(* Let the setting and notation be as in the context, and suppose the Concentration Assumption and the $L_1$-Consistency Assumption hold. Assume that the (stochastic) map $\theta\mapsto \hat S(\hat{\boldsymbol\beta}_\theta)$ is either continuous with a single root $\tilde\theta$, or non-decreasing (with $\tilde\theta$ a root). Suppose further that for every $\epsilon>0$, $$\mathbf v^{*T}E_{\mathbf t}(\boldsymbol\beta^*_{\theta^*-\epsilon})\cdot \mathbf v^{*T}E_{\mathbf t}(\boldsymbol\beta^*_{\theta^*+\epsilon})<0 .$$ Then for every $\epsilon>0$, $\lim_{n\to\infty}\mathbb P^*(|\tilde\theta-\theta^*|>\epsilon)=0$.
   Context: Data: a random matrix $\mathbf Z\in\mathbb R^{n\times q}$ whose law depends on an unknown parameter; $\mathbb P^*$ denotes probability under the true parameter $\boldsymbol\beta^*\in\mathbb R^d$ (and $\mathbb E^*$ expectation). Asymptotics are as $n\to\infty$; $d$ may depend on $n$. Let $\mathbf t(\mathbf Z,\boldsymbol\beta):\mathbb R^{n\times q}\times\mathbb R^d\to\mathbb R^d$ be an estimating equation, twice differentiable in $\boldsymbol\beta$, with $E_{\mathbf t}(\boldsymbol\beta)=\lim_{n\to\infty}\mathbb E\,\mathbf t(\mathbf Z,\boldsymbol\beta)$, and $\boldsymbol\beta^*$ the unique solution of $E_{\mathbf t}(\boldsymbol\beta)=0$. Let $\mathbf T(\mathbf Z,\boldsymbol\beta)=\partial \mathbf t(\mathbf Z,\boldsymbol\beta)/\partial\boldsymbol\beta\in\mathbb R^{d\times d}$ and $E_{\mathbf T}(\boldsymbol\beta)=\lim_{n\to\infty}\mathbb E\,\mathbf T(\mathbf Z,\boldsymbol\beta)$, assumed invertible at $\boldsymbol\beta^*$. Write $\boldsymbol\beta=(\theta,\boldsymbol\gamma^T)^T$ with $\theta\in\mathbb R$ the first coordinate, $\boldsymbol\beta^*=(\theta^*,\boldsymbol\gamma^{*T})^T$; for any $\boldsymbol\beta=(\theta,\boldsymbol\gamma^T)^T$ and scalar $\check\theta$, $\boldsymbol\beta_{\check\theta}:=(\check\theta,\boldsymbol\gamma^T)^T$. Let $\mathbf v^{*T}$ be the first row of $[E_{\mathbf T}(\boldsymbol\beta^* )]^{-1}$. Estimators: $\hat{\boldsymbol\beta}=(\hat\theta,\hat{\boldsymbol\gamma}^T)^T=\arg\min\|\boldsymbol\beta\|_1$ subject to $\|\mathbf t(\mathbf Z,\boldsymbol\beta)\|_\infty\le\lambda$, and $\hat{\mathbf v}=\arg\min\|\mathbf v\|_1$ subject to $\|\mathbf v^T\mathbf T(\mathbf Z,\hat{\boldsymbol\beta})-\mathbf e_1\|_\infty\le\lambda'$, where $\mathbf e_1=(1,0,\dots,0)$ is a row vector and $\lambda,\lambda'>0$ are tuning parameters. Let $\hat S(\boldsymbol\beta)=\hat{\mathbf v}^T\mathbf t(\mathbf Z,\boldsymbol\beta)$; $\tilde\theta$ denotes a root of $\theta\mapsto\hat S(\hat{\boldsymbol\beta}_\theta)=\hat S(\theta,\hat{\boldsymbol\gamma})$. For a matrix $\mathbf A$, $[\mathbf A]_{-1}$ is $\mathbf A$ with its first column removed. Concentration Assumption: there is a neighborhood $\mathcal N_{\theta^*}$ of $\theta^*$ and functions $r_1(n,\theta),r_2(n,\theta),r_3(n,\theta)$ with $\sup_{\theta\in\mathcal N_{\theta^*}}\max_i r_i(n,\theta)=o(1)$ such that for all $\theta\in\mathcal N_{\theta^*}$: $\lim_n\mathbb P^*(\|\mathbf t(\mathbf Z,\boldsymbol\beta^*_\theta)-E_{\mathbf t}(\boldsymbol\beta^*_\theta)\|_\infty\le r_1(n,\theta))=1$; $\lim_n\mathbb P^*(|\mathbf v^{*T}\mathbf t(\mathbf Z,\boldsymbol\beta^*_\theta)-\mathbf v^{*T}E_{\mathbf t}(\boldsymbol\beta^*_\theta)|\le r_2(n,\theta))=1$; $\lim_n\mathbb P^*(\sup_{\nu\in[0,1]}\|\hat{\mathbf v}^T\mathbf T(\mathbf Z,\tilde{\boldsymbol\beta}_\nu)-\mathbf v^{*T}E_{\mathbf T}(\boldsymbol\beta^*_\theta)\|_\infty\le r_3(n,\theta))=1$ where $\tilde{\boldsymbol\beta}_\nu=\nu\hat{\boldsymbol\beta}_\theta+(1-\nu)\boldsymbol\beta^*_\theta$; and moreover $\sup_{\theta\in\mathcal N_{\theta^*}}\|E_{\mathbf t}(\boldsymbol\beta^*_\theta)\|_\infty<\infty$ and $\sup_{\theta\in\mathcal N_{\theta^*}}\|\mathbf v^{*T}[E_{\mathbf T}(\boldsymbol\beta^*_\theta)]_{-1}\|_\infty<\infty$. $L_1$-Consistency Assumption: $\lim_n\mathbb P^*(\|\hat{\boldsymbol\beta}-\boldsymbol\beta^*\|_1\le r_4(n))=1$ and $\lim_n\mathbb P^*(\|\hat{\mathbf v}-\mathbf v^*\|_1\le r_5(n))=1$ with $\max(r_4(n),r_5(n))=o(1)$. *)

From HB Require Import structures.
From mathcomp Require Import all_boot all_order all_algebra.
From mathcomp Require Import all_classical all_reals all_analysis.
Set Implicit Arguments. Unset Strict Implicit. Unset Printing Implicit Defensive.
Import Order.TTheory GRing.Theory Num.Theory.
Import numFieldNormedType.Exports.
Local Open Scope classical_set_scope.
Local Open Scope ring_scope.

···

What you should do: Copy every record once more, exactly as given.

Problem solution:
(* Let the setting and notation be as in the context, and suppose the Concentration Assumption and the $L_1$-Consistency Assumption hold. Assume that the (stochastic) map $\theta\mapsto \hat S(\hat{\boldsymbol\beta}_\theta)$ is either continuous with a single root $\tilde\theta$, or non-decreasing (with $\tilde\theta$ a root). Suppose further that for every $\epsilon>0$, $$\mathbf v^{*T}E_{\mathbf t}(\boldsymbol\beta^*_{\theta^*-\epsilon})\cdot \mathbf v^{*T}E_{\mathbf t}(\boldsymbol\beta^*_{\theta^*+\epsilon})<0 .$$ Then for every $\epsilon>0$, $\lim_{n\to\infty}\mathbb P^*(|\tilde\theta-\theta^*|>\epsilon)=0$.
   Context: Data: a random matrix $\mathbf Z\in\mathbb R^{n\times q}$ whose law depends on an unknown parameter; $\mathbb P^*$ denotes probability under the true parameter $\boldsymbol\beta^*\in\mathbb R^d$ (and $\mathbb E^*$ expectation). Asymptotics are as $n\to\infty$; $d$ may depend on $n$. Let $\mathbf t(\mathbf Z,\boldsymbol\beta):\mathbb R^{n\times q}\times\mathbb R^d\to\mathbb R^d$ be an estimating equation, twice differentiable in $\boldsymbol\beta$, with $E_{\mathbf t}(\boldsymbol\beta)=\lim_{n\to\infty}\mathbb E\,\mathbf t(\mathbf Z,\boldsymbol\beta)$, and $\boldsymbol\beta^*$ the unique solution of $E_{\mathbf t}(\boldsymbol\beta)=0$. Let $\mathbf T(\mathbf Z,\boldsymbol\beta)=\partial \mathbf t(\mathbf Z,\boldsymbol\beta)/\partial\boldsymbol\beta\in\mathbb R^{d\times d}$ and $E_{\mathbf T}(\boldsymbol\beta)=\lim_{n\to\infty}\mathbb E\,\mathbf T(\mathbf Z,\boldsymbol\beta)$, assumed invertible at $\boldsymbol\beta^*$. Write $\boldsymbol\beta=(\theta,\boldsymbol\gamma^T)^T$ with $\theta\in\mathbb R$ the first coordinate, $\boldsymbol\beta^*=(\theta^*,\boldsymbol\gamma^{*T})^T$; for any $\boldsymbol\beta=(\theta,\boldsymbol\gamma^T)^T$ and scalar $\check\theta$, $\boldsymbol\beta_{\check\theta}:=(\check\theta,\boldsymbol\gamma^T)^T$. Let $\mathbf v^{*T}$ be the first row of $[E_{\mathbf T}(\boldsymbol\beta^* )]^{-1}$. Estimators: $\hat{\boldsymbol\beta}=(\hat\theta,\hat{\boldsymbol\gamma}^T)^T=\arg\min\|\boldsymbol\beta\|_1$ subject to $\|\mathbf t(\mathbf Z,\boldsymbol\beta)\|_\infty\le\lambda$, and $\hat{\mathbf v}=\arg\min\|\mathbf v\|_1$ subject to $\|\mathbf v^T\mathbf T(\mathbf Z,\hat{\boldsymbol\beta})-\mathbf e_1\|_\infty\le\lambda'$, where $\mathbf e_1=(1,0,\dots,0)$ is a row vector and $\lambda,\lambda'>0$ are tuning parameters. Let $\hat S(\boldsymbol\beta)=\hat{\mathbf v}^T\mathbf t(\mathbf Z,\boldsymbol\beta)$; $\tilde\theta$ denotes a root of $\theta\mapsto\hat S(\hat{\boldsymbol\beta}_\theta)=\hat S(\theta,\hat{\boldsymbol\gamma})$. For a matrix $\mathbf A$, $[\mathbf A]_{-1}$ is $\mathbf A$ with its first column removed. Concentration Assumption: there is a neighborhood $\mathcal N_{\theta^*}$ of $\theta^*$ and functions $r_1(n,\theta),r_2(n,\theta),r_3(n,\theta)$ with $\sup_{\theta\in\mathcal N_{\theta^*}}\max_i r_i(n,\theta)=o(1)$ such that for all $\theta\in\mathcal N_{\theta^*}$: $\lim_n\mathbb P^*(\|\mathbf t(\mathbf Z,\boldsymbol\beta^*_\theta)-E_{\mathbf t}(\boldsymbol\beta^*_\theta)\|_\infty\le r_1(n,\theta))=1$; $\lim_n\mathbb P^*(|\mathbf v^{*T}\mathbf t(\mathbf Z,\boldsymbol\beta^*_\theta)-\mathbf v^{*T}E_{\mathbf t}(\boldsymbol\beta^*_\theta)|\le r_2(n,\theta))=1$; $\lim_n\mathbb P^*(\sup_{\nu\in[0,1]}\|\hat{\mathbf v}^T\mathbf T(\mathbf Z,\tilde{\boldsymbol\beta}_\nu)-\mathbf v^{*T}E_{\mathbf T}(\boldsymbol\beta^*_\theta)\|_\infty\le r_3(n,\theta))=1$ where $\tilde{\boldsymbol\beta}_\nu=\nu\hat{\boldsymbol\beta}_\theta+(1-\nu)\boldsymbol\beta^*_\theta$; and moreover $\sup_{\theta\in\mathcal N_{\theta^*}}\|E_{\mathbf t}(\boldsymbol\beta^*_\theta)\|_\infty<\infty$ and $\sup_{\theta\in\mathcal N_{\theta^*}}\|\mathbf v^{*T}[E_{\mathbf T}(\boldsymbol\beta^*_\theta)]_{-1}\|_\infty<\infty$. $L_1$-Consistency Assumption: $\lim_n\mathbb P^*(\|\hat{\boldsymbol\beta}-\boldsymbol\beta^*\|_1\le r_4(n))=1$ and $\lim_n\mathbb P^*(\|\hat{\mathbf v}-\mathbf v^*\|_1\le r_5(n))=1$ with $\max(r_4(n),r_5(n))=o(1)$. *)

From HB Require Import structures.
From mathcomp Require Import all_boot all_order all_algebra.
From mathcomp Require Import all_classical all_reals all_analysis.
Set Implicit Arguments. Unset Strict Implicit. Unset Printing Implicit Defensive.
Import Order.TTheory GRing.Theory Num.Theory.
Import numFieldNormedType.Exports.
Local Open Scope classical_set_scope.
Local Open Scope ring_scope.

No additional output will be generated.